Composting Chicken Poop (Manure)
If you have chickens, then you have an abundance of chicken poop. In the interest of getting the most out of everything, I decided to compost the poop to use as fertilizer for the garden.
Chicken poop, or manure if you are proper, is full of nitrogen, potassium, and phosphorus. This is great news for your garden! However, raw poop will burn your plants if it’s put directly into your garden soil. The poop needs a chance to break down to get rid of any parasites, salmonella, or any pathogens that might be present.
You can add your chicken poop to your regular composting bin. Or you can compost it separately. I choose to compost chicken poop in its own bin that I can keep near the coop. It makes my job easier when cleaning out the coop if I place my bins just outside the door.
I use a 3 bin system for composting my chicken poop. The first is for storing shavings (brown material). The second is for storing the hot compost (a mixture of brown and green material). And the third is for curing the composted poop.
There are some really great ideas on Pinterest for building your own compost bins. I like the repurposed trash can system for a few reasons.

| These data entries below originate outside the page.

Definition cre (z : R[i]) : R := complex.Re z.
Definition cim (z : R[i]) : R := complex.Im z.
Definition sqmod (z : R[i]) : R := cre z ^+ 2 + cim z ^+ 2.

Definition cmeasurable (D : set R) (g : R -> R[i]) : Prop :=
  measurable_fun D (cre \o g) /\ measurable_fun D (cim \o g).

Definition log2 (x : R) : R := ln x / ln 2.

Definition Omega (fc W : R) : set R := `[fc - W / 2, fc + W / 2]%classic.

(* loop-back frequency response alpha * exp(-j 2 pi tau f) *)
Definition ahat (alpha tau f : R) : R[i] :=
  Complex (alpha * cos (- (2 * pi * tau * f))) (alpha * sin (- (2 * pi * tau * f))).

Definition effTheta (alpha tau : R) (Theta : R -> R[i]) (f : R) : R[i] :=
  Theta f / (1 - ahat alpha tau f * Theta f).

Definition loop_ok (alpha tau : R) (Theta : R -> R[i]) (f : R) : Prop :=
  1 - ahat alpha tau f * Theta f != 0.

Local Open Scope ereal_scope.

Definition integ (D : set R) (g : R -> R) : \bar R :=
  \int[@lebesgue_measure R]_(x in D) (g x)%:E.

Definition rate_orig (fc W N0 : R) (Hsd Hsr Hrd : R -> R[i]) (alpha tau : R)
    (P : R -> R) (Theta : R -> R[i]) : \bar R :=
  (1 / (2 * W))%:E *
  integ (Omega fc W) (fun f =>
    log2 (1 + sqmod (Hsd f + Hrd f * Hsr f * effTheta alpha tau Theta f) * P f
              / ((sqmod (Hrd f * effTheta alpha tau Theta f) + 1) * N0))%R).

Definition feasible_orig (fc W N0 Pbar Qbar : R) (Hsr : R -> R[i]) (alpha tau : R)
    (P : R -> R) (Theta : R -> R[i]) : Prop :=
  [/\ measurable_fun (Omega fc W) P,
      cmeasurable (Omega fc W) Theta,
      (forall f, Omega fc W f -> (0 <= P f)%R /\ loop_ok alpha tau Theta f),
      integ (Omega fc W) P <= Pbar%:E &
      integ (Omega fc W) (fun f => sqmod (effTheta alpha tau Theta f)
                                  * (sqmod (Hsr f) * P f + N0))%R <= Qbar%:E].

Definition C_orig (fc W N0 Pbar Qbar : R) (Hsd Hsr Hrd : R -> R[i]) (alpha tau : R)
    : \bar R :=
  ereal_sup [set rate_orig fc W N0 Hsd Hsr Hrd alpha tau PT.1 PT.2 |
             PT in [set PT : (R -> R) * (R -> R[i]) |
                    feasible_orig fc W N0 Pbar Qbar Hsr alpha tau PT.1 PT.2]].

Definition rate_new (fc W N0 : R) (Hsd Hsr Hrd : R -> R[i])
    (P Xb : R -> R) : \bar R :=
  (1 / (2 * W))%:E *
  integ (Omega fc W) (fun f =>
    log2 (1 + (Num.sqrt (sqmod (Hsd f)) + Num.sqrt (sqmod (Hrd f * Hsr f)) * Xb f) ^+ 2 * P f
              / ((sqmod (Hrd f) * Xb f ^+ 2 + 1) * N0))%R).

Definition feasible_new (fc W N0 Pbar Qbar : R) (Hsr : R -> R[i])
    (P Xb : R -> R) : Prop :=
  [/\ measurable_fun (Omega fc W) P,
      measurable_fun (Omega fc W) Xb,
      (forall f, Omega fc W f -> (0 <= P f)%R /\ (0 <= Xb f)%R),
      integ (Omega fc W) P <= Pbar%:E &
      integ (Omega fc W) (fun f => Xb f ^+ 2 * (sqmod (Hsr f) * P f + N0))%R <= Qbar%:E].

Definition C_new (fc W N0 Pbar Qbar : R) (Hsd Hsr Hrd : R -> R[i]) : \bar R :=
  ereal_sup [set rate_new fc W N0 Hsd Hsr Hrd PX.1 PX.2 |
             PX in [set PX : (R -> R) * (R -> R) |
                    feasible_new fc W N0 Pbar Qbar Hsr PX.1 PX.2]].

End FFRelay.

(* Only the effective relay response Xi = Theta / (1 - ahat Theta) enters the rate and the
   relay power, and Theta = Xi / (1 + ahat Xi) recovers Theta from every Xi with
   1 + ahat Xi <> 0: the loop-back channel merely forbids the responses with 1 + ahat Xi = 0.
   For a given |Xi| the triangle inequality |H_SD + H_RD H_SR Xi| <= |H_SD| + |H_RD H_SR| |Xi|
   bounds the rate by the reformulated one, with equality when H_RD H_SR Xi is rotated onto the
   direction of H_SD.  Conversely, this aligned response of modulus Xi_bar is realisable except
   where 1 + ahat Xi vanishes; shrinking it there by 1 - 1/(n+1) keeps both budgets, and Fatou's
   lemma recovers the rate of Xi_bar as n grows. *)

From mathcomp Require Import all_boot all_algebra.
From mathcomp Require Import all_classical all_reals all_analysis.
From mathcomp Require Import measurable_realfun.
From mathcomp Require Import complex.
From mathcomp Require Import ring.
Set Implicit Arguments. Unset Strict Implicit. Unset Printing Implicit Defensive.
Import GRing.Theory Num.Theory order.Order.TTheory numFieldNormedType.Exports Normc.
Local Open Scope classical_set_scope.
Local Open Scope complex_scope.
Local Open Scope ring_scope.

Section Modulus.
Variable R : realType.
Implicit Types (z a k : R[i]) (x : R).

Lemma sqmod_normc z : sqmod z = normc z ^+ 2.
Proof. by case: z => a b; rewrite /sqmod /cre /cim /= sqr_sqrtr // addr_ge0 ?sqr_ge0. Qed.

Lemma sqmod_ge0 z : 0 <= sqmod z.
Proof. by rewrite sqmod_normc sqr_ge0. Qed.

Lemma sqrt_sqmod z : Num.sqrt (sqmod z) = normc z.
Proof. by case: z. Qed.

Lemma normc_ge0 z : 0 <= normc z.
Proof. by case: z => a b; exact: sqrtr_ge0. Qed.

Lemma normc_real x : normc x%:C = `|x|.
Proof. by rewrite /= expr0n addr0 sqrtr_sqr. Qed.

Lemma normc_eq0 z : (normc z == 0) = (z == 0).
Proof. by apply/eqP/eqP => [/eq0_normc|->]; rewrite ?normc0. Qed.

Definition phase z : R[i] := if z == 0 then 1 else z * ((normc z)^-1)%:C.

Lemma normc_phase z : normc (phase z) = 1.
Proof.
rewrite /phase; case: eqP => [_|/eqP z0]; first exact: normc1.
by rewrite normcM normc_real ger0_norm ?invr_ge0 ?normc_ge0 // mulfV ?normc_eq0.
Qed.

Lemma phase_neq0 z : phase z != 0.
Proof. by rewrite -normc_eq0 normc_phase oner_neq0. Qed.

Lemma phase_normc z : phase z * (normc z)%:C = z.
Proof.
rewrite /phase; case: eqP => [->|/eqP z0]; first by rewrite normc0 mulr0.
by rewrite -mulrA -rmorphM mulVf ?normc_eq0 // rmorph1 mulr1.
Qed.

Lemma normc_add_aligned a k x : 0 <= x ->
  normc (a + k * (phase a / phase k * x%:C)) = normc a + normc k * x.
Proof.
move=> x0.
have -> : a + k * (phase a / phase k * x%:C) = phase a * (normc a + normc k * x)%:C.
  rewrite -{1}(phase_normc a) -{1}(phase_normc k) rmorphD rmorphM.
  by field; exact: phase_neq0.
by rewrite normcM normc_phase mul1r normc_real ger0_norm // addr_ge0 ?mulr_ge0 ?normc_ge0.
Qed.

Lemma normc_phase_div a k x : normc (phase a / phase k * x%:C) = `|x|.
Proof. by rewrite !normcM normcV !normc_phase invr1 !mul1r normc_real. Qed.

Lemma loop_inverse a k : 1 + a * k != 0 -> 1 - a * (k / (1 + a * k)) = (1 + a * k)^-1.
Proof. by move=> ak; field. Qed.

End Modulus.

Section Measurability.
Variables (R : realType) (D : set R).
Implicit Types (g h : R -> R[i]) (r : R -> R).

Lemma measurable_inv : measurable_fun [set: R] (@GRing.inv R).
Proof.
rewrite -(setvU [set 0]); apply/measurable_funU => //; first exact: measurableC.
split.
- apply: open_continuous_measurable_fun.
    by apply: closed_openC; apply: compact_closed; [exact: Rhausdorff | exact: compact_set1].
  by move=> x; rewrite inE => /eqP x0; exact: inv_continuous.
- have : measurable_fun [set (0 : R)] (cst (0 : R)) by exact: measurable_cst.
  by apply: eq_measurable_fun => x; rewrite inE /= => ->; rewrite invr0.
Qed.

Lemma measurable_funV r : measurable_fun D r -> measurable_fun D (fun x => (r x)^-1).
Proof. exact: measurableT_comp measurable_inv. Qed.

Lemma measurable_fun_sqrt r : measurable_fun D r -> measurable_fun D (fun x => Num.sqrt (r x)).
Proof. exact: measurableT_comp (continuous_measurable_fun (@sqrt_continuous R)). Qed.

Lemma measurable_fun_log2 r : measurable_fun D r -> measurable_fun D (fun x => log2 (r x)).
Proof.
move=> mr; apply: measurable_funM; last exact: measurable_cst.
exact: measurableT_comp (@measurable_ln R) mr.
Qed.

Lemma cmeasurable_cst (c : R[i]) : cmeasurable D (fun=> c).
Proof. by split; exact: measurable_cst. Qed.

Lemma cmeasurable_real r : measurable_fun D r -> cmeasurable D (fun x => (r x)%:C).
Proof. by move=> mr; split => //; exact: measurable_cst. Qed.

Lemma cmeasurableD g h : cmeasurable D g -> cmeasurable D h ->
  cmeasurable D (fun x => g x + h x).
Proof.
move=> [g1 g2] [h1 h2]; split.
- rewrite (_ : _ \o _ = fun x => cre (g x) + cre (h x)); first exact: measurable_funD.
  by apply/funext => x /=; case: (g x); case: (h x).
- rewrite (_ : _ \o _ = fun x => cim (g x) + cim (h x)); first exact: measurable_funD.
  by apply/funext => x /=; case: (g x); case: (h x).
Qed.

Lemma cmeasurableN g : cmeasurable D g -> cmeasurable D (fun x => - g x).
Proof.
move=> [g1 g2]; split.
- rewrite (_ : _ \o _ = fun x => - cre (g x)); first exact: measurable_funN.
  by apply/funext => x /=; case: (g x).
- rewrite (_ : _ \o _ = fun x => - cim (g x)); first exact: measurable_funN.
  by apply/funext => x /=; case: (g x).
Qed.

Lemma cmeasurableM g h : cmeasurable D g -> cmeasurable D h ->
  cmeasurable D (fun x => g x * h x).
Proof.
move=> [g1 g2] [h1 h2]; split.
- rewrite (_ : _ \o _ = fun x => cre (g x) * cre (h x) - cim (g x) * cim (h x)).
    by apply: measurable_funB; exact: measurable_funM.
  by apply/funext => x /=; case: (g x); case: (h x).
- rewrite (_ : _ \o _ = fun x => cre (g x) * cim (h x) + cim (g x) * cre (h x)).
    by apply: measurable_funD; exact: measurable_funM.
  by apply/funext => x /=; case: (g x); case: (h x).
Qed.

Lemma measurable_fun_sqmod g : cmeasurable D g -> measurable_fun D (fun x => sqmod (g x)).
Proof. by move=> [g1 g2]; apply: measurable_funD; exact: measurable_funX. Qed.

Lemma measurable_fun_normc g : cmeasurable D g -> measurable_fun D (fun x => normc (g x)).
Proof.
move=> mg; under eq_fun do rewrite -sqrt_sqmod.
exact: measurable_fun_sqrt (measurable_fun_sqmod mg).
Qed.

Lemma cmeasurableV g : cmeasurable D g -> cmeasurable D (fun x => (g x)^-1).
Proof.
move=> mg; have [g1 g2] := mg; have mV := measurable_funV (measurable_fun_sqmod mg).
split.
- rewrite (_ : _ \o _ = fun x => cre (g x) * (sqmod (g x))^-1); first exact: measurable_funM.
  by apply/funext => x /=; case: (g x).
- rewrite (_ : _ \o _ = fun x => - (cim (g x) * (sqmod (g x))^-1)).
    by apply: measurable_funN; exact: measurable_funM.
  by apply/funext => x /=; case: (g x).
Qed.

First, they are easy to move if you need to transport them from the coop to the garden. Second, they don’t require any special skills to make. Third, they keep everything neat and clean.
Composting chicken poop is a different ratio of brown to green material than regular composting. You will want to strive for a ratio of 2 parts brown material to 1 part green material. For the discussion here I am going to assume that you have a separate compost bin for your kitchen scraps. You can read my post about Composting in the Winter to find out about the types of material that can be used in that compost bin.
My brown material consists of the pine shavings from the floor of my coop and the straw from the nesting boxes. My chicken coop has a linoleum floor so there isn’t any dirt mixed in with the shavings. I clean the shavings out of the coop every 3 months on average. The shavings are pretty ground down in the main walkways by the time I clean them out. There are some larger pieces in the corners and under the nesting boxes that take a little longer to break down.
Good ‘ole chicken poop (manure). That’s it. I have a poop deck filled with sand under the roost. I use a kitty litter scoop and a small bucket to clean the poop deck every day. Sometimes every other day if I’m busy. Some sand does make it into the bins, especially if I am in a hurry and don’t take the time to let if sift through the scoop.
How long does it take?
Your finished product will take about a year to complete. You want to give the chicken poop time to heat up to kill all of the unhealthy stuff inside. It needs time to cure after it has been heated and has broken down where there are no visible shavings or straw pieces. Cover it and forget about it for at least 2 months. When it’s ready it should be dark brown or black and have a sweet smelling odor like soil.
Using this method to break down your chicken waste will give you an effective way to dispose of an unpleasant material. You will create free fertilizer for your garden that will yield a more plentiful harvest. If you have a large flock you might even have enough to sell to other gardeners which will put extra money in your pocket.